De Cock reageerde niet.

Ze wandelden via de Oudebrugsteeg naar de Warmoesstraat.

Toen ze de hal van het politiebureau binnenstapten, wenkte Jan Rozenbrand De Cock vanachter de balie.

De oude rechercheur liep op de wachtcommandant toe.

“Nieuwe ellende?” vroeg hij bezorgd.

Jan Rozenbrand schudde glimlachend zijn hoofd.

“Nee, maar geloof me, je hebt wat gemist.”

“Wat?”

De wachtcommandant gebaarde.

“Een halfuurtje geleden was hier bij mij aan de balie een bloedmooie vrouw…werkelijk een plaatje. Ze vroeg naar rechercheur De Cock.”

“En?”

“Onder de indruk van haar feeërieke verschijning stamelde ik dat jij er niet was. Toen draaide ze zich om en liep ijlings het bureau uit.”

“Wie was het?”

De wachtcommandant trok een beteuterd gezicht.

“Dat weet ik niet.”

“Heb je niet naar haar naam gevraagd?”

Jan Rozenbrand maakte een verontschuldigend gebaar.

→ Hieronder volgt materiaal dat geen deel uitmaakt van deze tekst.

Lemma linear_order_pullback (A D : Type) (e : A -> D) (rA : A -> A -> Prop)
    (rD : D -> D -> Prop) :
  injective e -> linear_order rD -> (forall a b, rA a b <-> rD (e a) (e b)) ->
  linear_order rA.
Proof.
move=> e_inj [refl [anti [trans total]]] Hr; split; [|split; [|split]].
- by move=> a; apply/Hr.
- by move=> a b /Hr ab /Hr ba; apply: e_inj; apply: anti.
- by move=> a b c /Hr ab /Hr bc; apply/Hr; apply: trans ab bc.
- by move=> a b; rewrite !Hr.
Qed.

Lemma linear_order_empty (T : Type) (r : T -> T -> Prop) : (T -> False) -> linear_order r.
Proof. by move=> none; split; [|split; [|split]] => a; case: (none a). Qed.

Definition splits S (D A B : structure S) (e : carrier A -> carrier D)
    (f : carrier B -> carrier D) : Prop :=
  [/\ injective e, injective f, forall a b, e a <> f b,
      forall d, (exists a, d = e a) \/ (exists b, d = f b) &
      forall R (t : (arity R).-tuple (carrier D)), srel t <->
        (exists ta, t = map_tuple e ta /\ srel ta) \/
        (exists tb, t = map_tuple f tb /\ srel tb)].
Arguments splits {S} D A B e f.

Lemma splits_sym S (D A B : structure S) e f :
  splits D A B e f -> splits D B A f e.
Proof.
case=> ei fi dis cov Hrel; split=> // [a b /esym /dis //|d|R t].
  by case: (cov d); auto.
by rewrite Hrel; split; case; auto.
Qed.

Lemma dunion_splits S (A B : structure S) : splits (dunion A B) A B inl inr.
Proof.
split=> [x y [] //|x y [] //|//|[a|b]|R t /=]; [by left; exists a|by right; exists b|].
split=> [/orP [] /existsP [u /andP [/eqP -> ?]]|[] [u [-> ?]]].
- by left; exists u.
- by right; exists u.
- by apply/orP; left; apply/existsP; exists u; rewrite eqxx.
- by apply/orP; right; apply/existsP; exists u; rewrite eqxx.
Qed.

Definition empty_structure S : structure S := @Structure S void (fun _ _ => false).

Lemma splits_empty S (A : structure S) :
  splits A A (empty_structure S) id (@of_void _).
Proof.
split=> [x y //|[]|_ []|d|R t]; first by left; exists d.
have map_id_tuple u : map_tuple id u = u :> (arity R).-tuple _.
  by apply: val_inj; rewrite /= map_id.
split=> [Ht|[[u [-> ]]|[u [_ //]]]]; last by rewrite map_id_tuple.
by left; exists t; rewrite map_id_tuple.
Qed.

Section SplitRelations.
Variables (S : signature) (D A B : structure S).
Variables (e : carrier A -> carrier D) (f : carrier B -> carrier D).
Hypothesis hsplit : splits D A B e f.

Lemma splits_rel R (t : (arity R).-tuple (carrier A)) :
  0 < arity R -> srel (map_tuple e t) = srel t.
Proof.
case: hsplit => ei _ dis _ Hrel ar; apply/idP/idP => [/Hrel|Ht]; last first.
  by apply/Hrel; left; exists t.
case=> [[u [/(congr1 val) /= /(inj_map ei) /val_inj -> //]]|].
case=> u [/(congr1 val) /= Etu _].
have : 0 < size t by rewrite size_tuple.
by move: Etu; case: (tval t) (tval u) => [|x ?] [|y ?] // [/dis].
Qed.

Lemma splits_set (P : {set carrier A}) (Q : {set carrier B}) :
  (forall a, (e a \in e @: P :|: f @: Q) = (a \in P)) /\
  (forall b, (f b \in e @: P :|: f @: Q) = (b \in Q)).
Proof.
case: hsplit => ei fi dis _ _.
split=> x; rewrite inE ?(mem_imset _ _ ei) ?(mem_imset _ _ fi).
  by case: (x \in P) => //=; apply/imsetP=> [[b _ /dis]].
by case: (x \in Q); rewrite ?orbT ?orbF //; apply/imsetP=> [[a _ /esym /dis]].
Qed.

End SplitRelations.

Section Relativization.
Variables (S : signature) (memf : nat -> formula S) (flag : sym S -> formula S).
Variable sh : nat.

Definition subset_part (k : nat) : formula S :=
  FNot (FEx1 0 (FAnd (FIn S 0 k) (FNot (memf 0)))).

(* Relativization of f to the part defined by memf (memf i says "x_i lies in the
   part"): quantifiers range over the part, the set variable X_k becomes
   X_(k + sh), and each nullary relation symbol R becomes the sentence flag R
   (in a disjoint union, nullary relations cannot be split between the parts). *)
Fixpoint relativize (f : formula S) : formula S :=
  match f with
  | FRel R xs => if arity R == 0 then flag R else FRel xs
  | FEq i j => FEq S i j
  | FIn i k => FIn S i (k + sh)
  | FNot g => FNot (relativize g)
  | FAnd g h => FAnd (relativize g) (relativize h)
  | FOr g h => FOr (relativize g) (relativize h)
  | FEx1 i g => FEx1 i (FAnd (memf i) (relativize g))
  | FEx2 k g => FEx2 (k + sh) (FAnd (subset_part (k + sh)) (relativize g))
  end.

Lemma relativize_fv1 :
  (forall i x, x \in fv1 (memf i) -> x = i) -> (forall R, fv1 (flag R) = [::]) ->
  forall f x, x \in fv1 (relativize f) -> x \in fv1 f.
Proof.
move=> mem_fv flag_fv.
elim=> [R xs|i j|i k|g IH|g IHg h IHh|g IHg h IHh|i g IH|k g IH] x //=.
- by case: eqP; rewrite ?flag_fv.
- exact: IH.
- by rewrite !mem_cat => /orP [/IHg|/IHh] ->; rewrite ?orbT.
- by rewrite !mem_cat => /orP [/IHg|/IHh] ->; rewrite ?orbT.
- rewrite !mem_filter mem_cat => /andP [xi /orP [/mem_fv xe|/IH ->]].
    by rewrite xe eqxx in xi.
  by rewrite xi.
- rewrite mem_cat => /orP [|/IH] //.
  by rewrite mem_filter => /andP [x0 /mem_fv x0']; rewrite x0' eqxx in x0.
Qed.

Lemma relativize_fv2 :
  (forall i x, x \in fv2 (memf i) -> x < sh) ->
  (forall R x, x \in fv2 (flag R) -> x < sh) ->
  forall f x, x \in fv2 (relativize f) -> x < sh \/ exists2 k, k \in fv2 f & x = k + sh.
Proof.
move=> mem_fv flag_fv.
elim=> [R xs|i j|i k|g IH|g IHg h IHh|g IHg h IHh|i g IH|k g IH] x //=.
- by case: eqP => // _ /flag_fv; left.
- by rewrite inE => /eqP ->; right; exists k; rewrite ?inE.
- exact: IH.
- by rewrite !mem_cat => /orP [/IHg|/IHh] [->|[k kin ->]]; auto; right;
    exists k; rewrite // mem_cat kin ?orbT.
- by rewrite !mem_cat => /orP [/IHg|/IHh] [->|[k kin ->]]; auto; right;
    exists k; rewrite // mem_cat kin ?orbT.
- by rewrite mem_cat => /orP [/mem_fv ->|/IH]; [left|].
- rewrite eqxx /= mem_filter mem_cat => /andP [xk /orP [/mem_fv|/IH]]; first by left.
  case=> [|[j jin xe]]; first by left.
  right; exists j => //; rewrite mem_filter jin andbT.
  by apply: contraNneq xk => jk; rewrite xe jk.
Qed.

“Stom. Vergeten. Ik was secondelang zo onder de indruk van haar…eh, haar uitbundige schoonheid, dat ze weg was voor ik haar iets had kunnen vragen.”

De Cock schudde verwijtend zijn hoofd.

“En dat op jouw leeftijd. Een vader met kinderen op de middelbare school…totaal overstuur door het zien van een bloedmooie meid.” De oude rechercheur draaide zich lachend om en besteeg opmerkelijk kwiek de stenen trappen naar de tweede etage.

Vledder volgde lichtvoetig.

Op de bank bij de ingang naar de grote recherchekamer zat tot zijn verwondering een man in een slobberig, grijs kostuum.

Toen de man De Cock in het oog kreeg, stond hij op en liep met dreunende pas op hem toe.

“Is het waar?” vroeg hij gejaagd.

De Cock keek hem verbaasd aan.

“Wat is waar?”

“Dat Herman van Hogenbroek is vermoord.”

De Cock antwoordde niet direct. Hij keek de man scherp onderzoekend aan. De oude rechercheur schatte hem op achter in de veertig, begin vijftig. Hij had een ovaal, wat langgerekt gezicht met een grauwe, vale huid en diepe wallen onder fletsgrijze ogen. Zijn al grijzende zwarte haren lagen warrig op zijn hoofd.